__ACTIVITY__
Work out how many lines of this material hold the word "which". Write only that number.

══════

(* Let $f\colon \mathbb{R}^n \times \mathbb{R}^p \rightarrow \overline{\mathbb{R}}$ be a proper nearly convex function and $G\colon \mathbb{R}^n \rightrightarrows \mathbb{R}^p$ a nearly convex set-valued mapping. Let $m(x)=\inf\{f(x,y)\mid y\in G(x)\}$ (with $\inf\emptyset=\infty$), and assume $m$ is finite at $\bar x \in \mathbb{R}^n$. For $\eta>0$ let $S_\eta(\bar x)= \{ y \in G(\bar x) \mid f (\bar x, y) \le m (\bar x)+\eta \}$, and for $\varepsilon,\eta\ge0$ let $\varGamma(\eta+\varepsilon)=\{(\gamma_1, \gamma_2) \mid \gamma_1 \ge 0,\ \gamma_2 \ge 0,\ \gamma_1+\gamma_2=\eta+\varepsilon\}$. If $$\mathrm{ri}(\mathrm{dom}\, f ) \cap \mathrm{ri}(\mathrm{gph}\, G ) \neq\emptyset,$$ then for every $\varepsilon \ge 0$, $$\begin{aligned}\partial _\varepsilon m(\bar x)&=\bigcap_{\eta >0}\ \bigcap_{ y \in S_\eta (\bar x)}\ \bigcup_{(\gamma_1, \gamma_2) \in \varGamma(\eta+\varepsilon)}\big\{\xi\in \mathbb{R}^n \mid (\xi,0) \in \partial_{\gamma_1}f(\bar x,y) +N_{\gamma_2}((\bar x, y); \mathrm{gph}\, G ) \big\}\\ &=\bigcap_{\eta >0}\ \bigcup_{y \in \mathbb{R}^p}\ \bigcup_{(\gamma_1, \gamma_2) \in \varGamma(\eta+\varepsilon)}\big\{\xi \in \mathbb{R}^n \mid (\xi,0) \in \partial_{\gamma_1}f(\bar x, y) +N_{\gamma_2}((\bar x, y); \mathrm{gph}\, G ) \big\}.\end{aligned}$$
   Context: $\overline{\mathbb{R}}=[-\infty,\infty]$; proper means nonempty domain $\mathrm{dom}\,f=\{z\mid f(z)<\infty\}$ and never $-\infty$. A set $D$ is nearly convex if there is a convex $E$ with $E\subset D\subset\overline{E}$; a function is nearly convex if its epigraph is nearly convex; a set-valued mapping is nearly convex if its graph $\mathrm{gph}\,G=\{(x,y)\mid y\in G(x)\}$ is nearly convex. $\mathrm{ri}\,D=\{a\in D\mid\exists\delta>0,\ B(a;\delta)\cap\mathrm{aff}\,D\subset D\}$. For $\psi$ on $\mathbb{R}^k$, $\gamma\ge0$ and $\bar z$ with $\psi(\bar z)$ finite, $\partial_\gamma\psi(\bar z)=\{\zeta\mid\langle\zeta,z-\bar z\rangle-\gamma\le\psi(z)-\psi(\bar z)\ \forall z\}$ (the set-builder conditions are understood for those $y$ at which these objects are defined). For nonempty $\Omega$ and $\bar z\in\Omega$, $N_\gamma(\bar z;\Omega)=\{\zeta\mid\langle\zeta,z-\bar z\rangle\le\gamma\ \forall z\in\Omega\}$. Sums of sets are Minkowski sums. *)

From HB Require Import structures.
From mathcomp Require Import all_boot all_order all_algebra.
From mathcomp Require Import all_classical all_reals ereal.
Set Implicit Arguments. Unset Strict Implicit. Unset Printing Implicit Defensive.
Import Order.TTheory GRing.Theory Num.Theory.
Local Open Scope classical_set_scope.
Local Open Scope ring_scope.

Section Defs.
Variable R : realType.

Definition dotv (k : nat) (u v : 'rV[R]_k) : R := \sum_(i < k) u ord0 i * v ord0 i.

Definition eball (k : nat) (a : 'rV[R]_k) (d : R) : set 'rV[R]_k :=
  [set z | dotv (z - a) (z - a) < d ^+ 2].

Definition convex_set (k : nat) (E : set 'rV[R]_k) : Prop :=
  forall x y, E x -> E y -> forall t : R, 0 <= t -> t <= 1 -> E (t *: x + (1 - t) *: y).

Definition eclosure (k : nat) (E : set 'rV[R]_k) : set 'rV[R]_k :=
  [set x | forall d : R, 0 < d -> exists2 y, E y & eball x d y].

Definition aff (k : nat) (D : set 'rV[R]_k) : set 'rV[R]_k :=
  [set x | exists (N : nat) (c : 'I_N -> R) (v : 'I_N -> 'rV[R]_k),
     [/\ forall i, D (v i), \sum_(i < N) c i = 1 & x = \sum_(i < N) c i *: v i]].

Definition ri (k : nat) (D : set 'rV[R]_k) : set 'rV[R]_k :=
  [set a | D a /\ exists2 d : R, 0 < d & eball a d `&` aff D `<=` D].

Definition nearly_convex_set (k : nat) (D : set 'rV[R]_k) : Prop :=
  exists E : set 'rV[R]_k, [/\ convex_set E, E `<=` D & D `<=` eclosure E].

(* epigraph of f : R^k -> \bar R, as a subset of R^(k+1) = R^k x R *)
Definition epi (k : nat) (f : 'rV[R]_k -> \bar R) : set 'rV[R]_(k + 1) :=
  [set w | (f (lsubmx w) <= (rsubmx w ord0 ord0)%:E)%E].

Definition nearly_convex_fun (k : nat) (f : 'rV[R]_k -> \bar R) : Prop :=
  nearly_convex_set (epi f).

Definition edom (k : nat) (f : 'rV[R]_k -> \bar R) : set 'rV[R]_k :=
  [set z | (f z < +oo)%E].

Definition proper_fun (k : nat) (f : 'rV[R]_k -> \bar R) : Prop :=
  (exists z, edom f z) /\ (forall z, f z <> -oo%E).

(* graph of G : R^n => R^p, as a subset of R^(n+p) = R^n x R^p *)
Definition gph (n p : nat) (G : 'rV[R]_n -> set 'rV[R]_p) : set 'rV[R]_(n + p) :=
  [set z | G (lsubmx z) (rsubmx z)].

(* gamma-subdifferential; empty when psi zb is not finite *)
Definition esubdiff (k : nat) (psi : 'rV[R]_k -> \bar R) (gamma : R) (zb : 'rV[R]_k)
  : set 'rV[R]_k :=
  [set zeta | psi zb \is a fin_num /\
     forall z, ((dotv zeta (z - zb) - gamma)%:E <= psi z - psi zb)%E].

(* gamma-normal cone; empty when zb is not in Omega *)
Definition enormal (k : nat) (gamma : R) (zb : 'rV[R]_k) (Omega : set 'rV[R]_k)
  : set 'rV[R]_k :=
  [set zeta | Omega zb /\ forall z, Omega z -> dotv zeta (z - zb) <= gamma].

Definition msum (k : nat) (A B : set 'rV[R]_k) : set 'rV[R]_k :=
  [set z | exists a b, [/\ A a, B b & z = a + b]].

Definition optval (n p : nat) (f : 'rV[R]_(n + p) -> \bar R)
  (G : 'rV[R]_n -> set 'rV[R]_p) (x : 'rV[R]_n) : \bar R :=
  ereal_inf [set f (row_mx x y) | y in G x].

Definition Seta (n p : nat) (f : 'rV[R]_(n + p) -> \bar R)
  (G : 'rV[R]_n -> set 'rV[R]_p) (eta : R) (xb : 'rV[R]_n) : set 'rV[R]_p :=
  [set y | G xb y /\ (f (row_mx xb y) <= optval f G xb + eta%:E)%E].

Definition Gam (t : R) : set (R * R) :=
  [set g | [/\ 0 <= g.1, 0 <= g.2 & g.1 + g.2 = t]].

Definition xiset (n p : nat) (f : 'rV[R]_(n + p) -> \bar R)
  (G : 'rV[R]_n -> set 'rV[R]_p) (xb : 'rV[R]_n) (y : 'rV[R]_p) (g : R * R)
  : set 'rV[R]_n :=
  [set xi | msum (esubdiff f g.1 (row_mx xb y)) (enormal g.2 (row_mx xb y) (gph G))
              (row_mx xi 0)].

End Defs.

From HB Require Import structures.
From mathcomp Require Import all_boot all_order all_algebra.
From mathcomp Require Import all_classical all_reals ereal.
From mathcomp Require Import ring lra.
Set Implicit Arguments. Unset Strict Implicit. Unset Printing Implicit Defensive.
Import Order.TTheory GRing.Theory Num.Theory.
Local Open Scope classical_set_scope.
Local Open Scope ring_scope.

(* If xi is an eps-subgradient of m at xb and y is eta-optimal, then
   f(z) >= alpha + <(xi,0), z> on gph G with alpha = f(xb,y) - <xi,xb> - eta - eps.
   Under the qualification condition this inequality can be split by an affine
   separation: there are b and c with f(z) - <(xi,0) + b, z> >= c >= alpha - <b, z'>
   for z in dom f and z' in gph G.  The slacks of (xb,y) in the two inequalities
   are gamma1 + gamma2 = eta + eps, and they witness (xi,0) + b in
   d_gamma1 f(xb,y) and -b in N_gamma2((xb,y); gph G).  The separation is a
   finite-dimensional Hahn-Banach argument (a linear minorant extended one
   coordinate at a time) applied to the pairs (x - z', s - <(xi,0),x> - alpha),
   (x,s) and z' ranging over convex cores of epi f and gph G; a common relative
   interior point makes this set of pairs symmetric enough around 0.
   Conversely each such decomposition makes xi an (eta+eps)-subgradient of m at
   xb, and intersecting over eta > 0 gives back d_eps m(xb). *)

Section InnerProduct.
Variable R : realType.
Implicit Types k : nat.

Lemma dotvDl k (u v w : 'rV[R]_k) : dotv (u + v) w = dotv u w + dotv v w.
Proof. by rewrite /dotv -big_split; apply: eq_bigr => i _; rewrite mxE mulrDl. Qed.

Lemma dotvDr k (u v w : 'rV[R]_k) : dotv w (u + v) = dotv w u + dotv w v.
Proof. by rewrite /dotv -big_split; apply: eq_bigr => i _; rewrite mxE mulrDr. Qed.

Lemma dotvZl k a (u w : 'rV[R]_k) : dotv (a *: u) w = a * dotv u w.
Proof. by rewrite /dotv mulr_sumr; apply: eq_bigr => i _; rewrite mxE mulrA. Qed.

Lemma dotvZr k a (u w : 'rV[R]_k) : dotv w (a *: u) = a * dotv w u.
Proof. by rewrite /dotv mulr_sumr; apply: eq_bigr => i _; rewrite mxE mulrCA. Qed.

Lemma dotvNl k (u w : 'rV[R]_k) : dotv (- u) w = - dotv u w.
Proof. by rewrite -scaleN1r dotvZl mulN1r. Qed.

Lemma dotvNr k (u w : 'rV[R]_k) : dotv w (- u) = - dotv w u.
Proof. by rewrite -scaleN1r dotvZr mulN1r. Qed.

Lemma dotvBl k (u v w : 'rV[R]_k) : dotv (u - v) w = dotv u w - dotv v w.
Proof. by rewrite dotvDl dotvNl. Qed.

══════

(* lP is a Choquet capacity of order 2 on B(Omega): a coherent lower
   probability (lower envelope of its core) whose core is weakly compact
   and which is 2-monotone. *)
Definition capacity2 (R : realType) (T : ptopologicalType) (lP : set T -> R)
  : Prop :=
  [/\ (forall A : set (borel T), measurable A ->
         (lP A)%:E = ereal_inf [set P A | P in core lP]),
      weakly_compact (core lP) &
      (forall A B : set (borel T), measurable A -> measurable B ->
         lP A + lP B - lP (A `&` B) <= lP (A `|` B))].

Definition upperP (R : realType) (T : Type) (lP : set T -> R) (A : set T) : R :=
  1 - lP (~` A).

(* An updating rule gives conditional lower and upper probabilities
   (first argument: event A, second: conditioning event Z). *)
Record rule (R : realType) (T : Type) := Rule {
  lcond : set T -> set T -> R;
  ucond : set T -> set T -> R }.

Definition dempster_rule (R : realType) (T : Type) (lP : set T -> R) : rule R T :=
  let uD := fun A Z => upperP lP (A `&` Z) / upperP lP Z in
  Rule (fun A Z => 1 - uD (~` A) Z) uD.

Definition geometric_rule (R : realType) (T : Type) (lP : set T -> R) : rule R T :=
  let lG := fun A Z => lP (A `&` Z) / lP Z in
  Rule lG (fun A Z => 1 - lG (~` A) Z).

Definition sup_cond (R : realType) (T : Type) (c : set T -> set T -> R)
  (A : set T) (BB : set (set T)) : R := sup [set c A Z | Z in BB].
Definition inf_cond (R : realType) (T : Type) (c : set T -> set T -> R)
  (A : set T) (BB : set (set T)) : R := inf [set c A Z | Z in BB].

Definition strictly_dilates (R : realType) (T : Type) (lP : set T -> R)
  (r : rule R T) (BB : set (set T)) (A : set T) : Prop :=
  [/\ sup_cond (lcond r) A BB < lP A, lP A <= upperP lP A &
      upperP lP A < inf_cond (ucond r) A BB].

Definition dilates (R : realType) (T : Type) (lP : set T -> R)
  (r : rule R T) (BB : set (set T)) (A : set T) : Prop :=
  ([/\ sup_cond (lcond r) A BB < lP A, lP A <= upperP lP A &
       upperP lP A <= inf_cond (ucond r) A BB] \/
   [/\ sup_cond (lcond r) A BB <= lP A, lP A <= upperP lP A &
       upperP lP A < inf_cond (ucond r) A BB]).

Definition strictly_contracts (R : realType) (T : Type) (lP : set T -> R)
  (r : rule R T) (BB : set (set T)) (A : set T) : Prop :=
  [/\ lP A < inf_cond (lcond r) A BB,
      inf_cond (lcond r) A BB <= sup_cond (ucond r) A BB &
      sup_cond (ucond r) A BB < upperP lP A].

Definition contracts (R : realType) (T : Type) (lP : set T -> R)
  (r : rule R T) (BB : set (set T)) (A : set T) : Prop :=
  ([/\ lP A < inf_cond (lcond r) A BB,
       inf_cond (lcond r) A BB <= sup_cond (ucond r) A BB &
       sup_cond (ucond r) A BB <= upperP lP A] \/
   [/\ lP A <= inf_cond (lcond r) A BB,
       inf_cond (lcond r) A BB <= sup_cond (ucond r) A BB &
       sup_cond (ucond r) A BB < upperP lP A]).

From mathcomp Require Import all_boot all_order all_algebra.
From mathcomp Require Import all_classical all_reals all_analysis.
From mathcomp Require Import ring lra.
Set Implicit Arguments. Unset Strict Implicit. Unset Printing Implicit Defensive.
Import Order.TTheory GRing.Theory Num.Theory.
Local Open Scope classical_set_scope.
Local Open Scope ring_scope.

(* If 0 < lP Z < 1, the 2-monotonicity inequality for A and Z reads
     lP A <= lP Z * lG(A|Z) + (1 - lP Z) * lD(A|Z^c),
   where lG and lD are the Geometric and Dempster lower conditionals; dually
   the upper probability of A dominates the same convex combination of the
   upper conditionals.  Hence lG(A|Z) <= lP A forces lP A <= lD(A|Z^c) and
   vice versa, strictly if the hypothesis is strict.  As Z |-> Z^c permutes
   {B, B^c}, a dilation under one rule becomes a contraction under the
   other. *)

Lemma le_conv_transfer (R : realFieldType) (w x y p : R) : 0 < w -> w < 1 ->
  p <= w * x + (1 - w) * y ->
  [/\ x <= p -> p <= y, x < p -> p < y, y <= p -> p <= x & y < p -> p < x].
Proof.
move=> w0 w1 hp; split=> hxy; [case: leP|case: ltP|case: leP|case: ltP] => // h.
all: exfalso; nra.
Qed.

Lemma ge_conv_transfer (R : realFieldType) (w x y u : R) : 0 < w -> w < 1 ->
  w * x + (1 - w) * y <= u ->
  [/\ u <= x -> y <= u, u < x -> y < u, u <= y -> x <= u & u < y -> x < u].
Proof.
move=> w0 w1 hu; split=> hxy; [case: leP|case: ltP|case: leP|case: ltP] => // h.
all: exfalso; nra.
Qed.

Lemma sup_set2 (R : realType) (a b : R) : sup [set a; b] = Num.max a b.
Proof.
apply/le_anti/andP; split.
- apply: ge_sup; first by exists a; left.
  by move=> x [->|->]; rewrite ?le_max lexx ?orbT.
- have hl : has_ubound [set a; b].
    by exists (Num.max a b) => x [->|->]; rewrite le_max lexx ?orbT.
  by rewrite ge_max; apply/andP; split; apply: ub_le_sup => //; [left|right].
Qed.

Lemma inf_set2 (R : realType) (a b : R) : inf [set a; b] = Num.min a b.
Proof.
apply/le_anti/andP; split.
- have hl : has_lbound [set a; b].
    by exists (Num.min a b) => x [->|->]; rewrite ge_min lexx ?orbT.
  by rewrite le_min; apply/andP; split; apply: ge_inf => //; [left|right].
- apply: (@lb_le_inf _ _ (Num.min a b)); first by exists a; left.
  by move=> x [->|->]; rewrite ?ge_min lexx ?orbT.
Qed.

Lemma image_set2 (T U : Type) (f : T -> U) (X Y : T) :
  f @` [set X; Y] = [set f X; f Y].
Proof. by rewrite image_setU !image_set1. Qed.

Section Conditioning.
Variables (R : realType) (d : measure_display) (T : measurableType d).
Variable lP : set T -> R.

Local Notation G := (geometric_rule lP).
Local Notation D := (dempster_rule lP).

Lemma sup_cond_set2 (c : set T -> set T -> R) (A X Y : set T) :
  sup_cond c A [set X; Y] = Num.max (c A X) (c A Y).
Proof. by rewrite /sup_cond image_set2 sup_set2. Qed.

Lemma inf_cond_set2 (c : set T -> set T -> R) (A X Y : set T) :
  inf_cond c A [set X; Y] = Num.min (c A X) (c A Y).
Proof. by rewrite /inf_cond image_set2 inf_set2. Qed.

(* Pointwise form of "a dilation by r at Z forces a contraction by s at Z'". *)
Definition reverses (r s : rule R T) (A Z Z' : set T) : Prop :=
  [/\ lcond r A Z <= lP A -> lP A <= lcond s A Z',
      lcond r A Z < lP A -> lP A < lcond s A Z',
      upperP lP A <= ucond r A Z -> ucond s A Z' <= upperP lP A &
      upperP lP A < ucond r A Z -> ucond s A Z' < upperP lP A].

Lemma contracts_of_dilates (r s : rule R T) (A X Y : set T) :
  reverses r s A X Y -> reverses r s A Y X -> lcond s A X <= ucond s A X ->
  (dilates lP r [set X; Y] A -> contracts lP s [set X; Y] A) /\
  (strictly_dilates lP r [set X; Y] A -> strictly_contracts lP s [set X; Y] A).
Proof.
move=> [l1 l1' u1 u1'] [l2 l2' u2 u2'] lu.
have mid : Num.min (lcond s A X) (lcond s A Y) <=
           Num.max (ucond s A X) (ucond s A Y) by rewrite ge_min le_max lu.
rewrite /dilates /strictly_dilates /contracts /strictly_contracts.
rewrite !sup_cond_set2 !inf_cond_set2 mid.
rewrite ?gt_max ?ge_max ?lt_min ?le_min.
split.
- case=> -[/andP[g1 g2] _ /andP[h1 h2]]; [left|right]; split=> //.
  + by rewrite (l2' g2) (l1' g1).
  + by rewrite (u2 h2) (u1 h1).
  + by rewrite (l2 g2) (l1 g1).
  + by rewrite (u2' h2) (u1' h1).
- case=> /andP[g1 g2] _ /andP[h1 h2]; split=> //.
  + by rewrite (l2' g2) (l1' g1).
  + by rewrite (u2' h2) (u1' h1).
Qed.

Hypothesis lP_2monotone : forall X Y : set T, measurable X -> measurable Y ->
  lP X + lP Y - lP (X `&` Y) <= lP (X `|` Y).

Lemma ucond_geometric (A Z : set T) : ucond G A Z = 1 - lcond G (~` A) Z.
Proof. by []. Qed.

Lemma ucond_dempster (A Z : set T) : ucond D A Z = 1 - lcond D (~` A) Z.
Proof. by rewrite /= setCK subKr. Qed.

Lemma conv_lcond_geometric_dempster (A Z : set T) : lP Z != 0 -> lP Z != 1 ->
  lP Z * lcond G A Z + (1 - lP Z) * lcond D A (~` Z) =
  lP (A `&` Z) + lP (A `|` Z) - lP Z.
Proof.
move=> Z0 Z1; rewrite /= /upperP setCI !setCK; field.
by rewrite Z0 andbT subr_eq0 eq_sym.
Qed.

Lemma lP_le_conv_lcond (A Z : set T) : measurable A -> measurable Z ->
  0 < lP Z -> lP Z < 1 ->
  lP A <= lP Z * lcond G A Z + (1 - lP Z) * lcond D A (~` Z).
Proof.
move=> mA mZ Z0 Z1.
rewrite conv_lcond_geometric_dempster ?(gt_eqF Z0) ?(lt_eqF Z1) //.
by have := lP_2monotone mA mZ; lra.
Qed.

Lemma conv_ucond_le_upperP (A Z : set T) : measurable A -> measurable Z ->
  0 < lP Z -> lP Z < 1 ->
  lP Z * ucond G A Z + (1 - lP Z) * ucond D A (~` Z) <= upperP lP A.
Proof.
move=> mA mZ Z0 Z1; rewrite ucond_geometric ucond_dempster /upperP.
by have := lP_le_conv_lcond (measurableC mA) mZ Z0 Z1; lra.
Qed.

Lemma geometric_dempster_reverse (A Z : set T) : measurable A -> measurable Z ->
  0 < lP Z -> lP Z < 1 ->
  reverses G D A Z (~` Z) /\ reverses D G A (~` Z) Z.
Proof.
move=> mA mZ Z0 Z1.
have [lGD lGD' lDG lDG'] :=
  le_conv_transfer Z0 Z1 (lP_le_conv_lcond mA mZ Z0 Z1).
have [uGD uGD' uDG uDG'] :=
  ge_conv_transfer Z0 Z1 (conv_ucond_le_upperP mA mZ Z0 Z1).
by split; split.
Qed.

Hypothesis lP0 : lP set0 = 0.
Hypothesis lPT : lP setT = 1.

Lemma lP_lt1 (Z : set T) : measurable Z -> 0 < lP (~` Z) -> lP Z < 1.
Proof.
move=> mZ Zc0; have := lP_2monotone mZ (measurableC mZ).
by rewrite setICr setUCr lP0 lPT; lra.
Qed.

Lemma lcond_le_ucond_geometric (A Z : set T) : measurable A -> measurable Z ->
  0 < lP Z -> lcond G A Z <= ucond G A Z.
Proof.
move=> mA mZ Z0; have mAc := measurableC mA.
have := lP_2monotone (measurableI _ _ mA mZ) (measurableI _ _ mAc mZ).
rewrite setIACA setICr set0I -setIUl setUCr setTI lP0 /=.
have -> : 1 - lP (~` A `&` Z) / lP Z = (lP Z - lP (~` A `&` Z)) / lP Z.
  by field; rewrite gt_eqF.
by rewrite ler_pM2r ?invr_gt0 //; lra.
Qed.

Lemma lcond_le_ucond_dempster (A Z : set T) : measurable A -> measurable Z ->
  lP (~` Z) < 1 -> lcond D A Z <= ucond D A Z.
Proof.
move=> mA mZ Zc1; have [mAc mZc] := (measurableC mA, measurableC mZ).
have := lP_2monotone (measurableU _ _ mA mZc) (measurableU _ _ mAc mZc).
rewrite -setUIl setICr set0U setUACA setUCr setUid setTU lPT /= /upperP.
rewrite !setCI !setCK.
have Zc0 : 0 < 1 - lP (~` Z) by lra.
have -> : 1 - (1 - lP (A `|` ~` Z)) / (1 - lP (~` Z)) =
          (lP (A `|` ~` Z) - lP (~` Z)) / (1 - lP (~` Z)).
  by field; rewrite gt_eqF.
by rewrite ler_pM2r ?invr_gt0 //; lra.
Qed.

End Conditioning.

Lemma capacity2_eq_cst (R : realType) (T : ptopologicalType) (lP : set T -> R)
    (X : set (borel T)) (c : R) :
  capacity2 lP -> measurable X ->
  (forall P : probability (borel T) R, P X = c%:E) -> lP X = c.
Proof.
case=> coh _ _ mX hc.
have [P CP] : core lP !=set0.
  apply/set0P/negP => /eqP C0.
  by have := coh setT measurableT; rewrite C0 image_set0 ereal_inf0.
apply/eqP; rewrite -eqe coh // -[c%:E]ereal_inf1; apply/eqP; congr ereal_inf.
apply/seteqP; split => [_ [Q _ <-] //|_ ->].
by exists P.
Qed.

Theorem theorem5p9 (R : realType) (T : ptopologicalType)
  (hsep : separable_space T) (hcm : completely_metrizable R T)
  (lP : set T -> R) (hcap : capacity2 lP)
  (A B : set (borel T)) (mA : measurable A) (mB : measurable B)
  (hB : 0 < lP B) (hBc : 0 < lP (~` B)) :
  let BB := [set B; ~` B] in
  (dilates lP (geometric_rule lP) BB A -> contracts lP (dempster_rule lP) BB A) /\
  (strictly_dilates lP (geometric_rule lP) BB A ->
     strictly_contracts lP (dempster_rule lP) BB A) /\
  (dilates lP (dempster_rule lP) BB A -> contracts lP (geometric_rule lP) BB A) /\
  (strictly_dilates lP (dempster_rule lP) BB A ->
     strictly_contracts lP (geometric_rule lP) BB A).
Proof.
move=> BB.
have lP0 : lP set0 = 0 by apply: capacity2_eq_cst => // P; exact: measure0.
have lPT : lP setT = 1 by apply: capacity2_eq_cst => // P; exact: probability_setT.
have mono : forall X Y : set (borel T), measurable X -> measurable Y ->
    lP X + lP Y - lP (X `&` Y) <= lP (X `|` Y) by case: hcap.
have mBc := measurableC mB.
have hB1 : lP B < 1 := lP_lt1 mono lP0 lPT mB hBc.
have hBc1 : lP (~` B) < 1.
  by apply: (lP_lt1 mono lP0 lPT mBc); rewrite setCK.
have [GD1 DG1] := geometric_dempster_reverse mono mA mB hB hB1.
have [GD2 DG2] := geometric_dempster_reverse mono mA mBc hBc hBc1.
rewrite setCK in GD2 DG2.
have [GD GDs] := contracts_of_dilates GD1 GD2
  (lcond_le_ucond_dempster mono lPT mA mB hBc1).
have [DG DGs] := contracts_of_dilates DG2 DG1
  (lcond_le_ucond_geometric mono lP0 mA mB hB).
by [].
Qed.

══════

__THE COMPLETED TASK__
2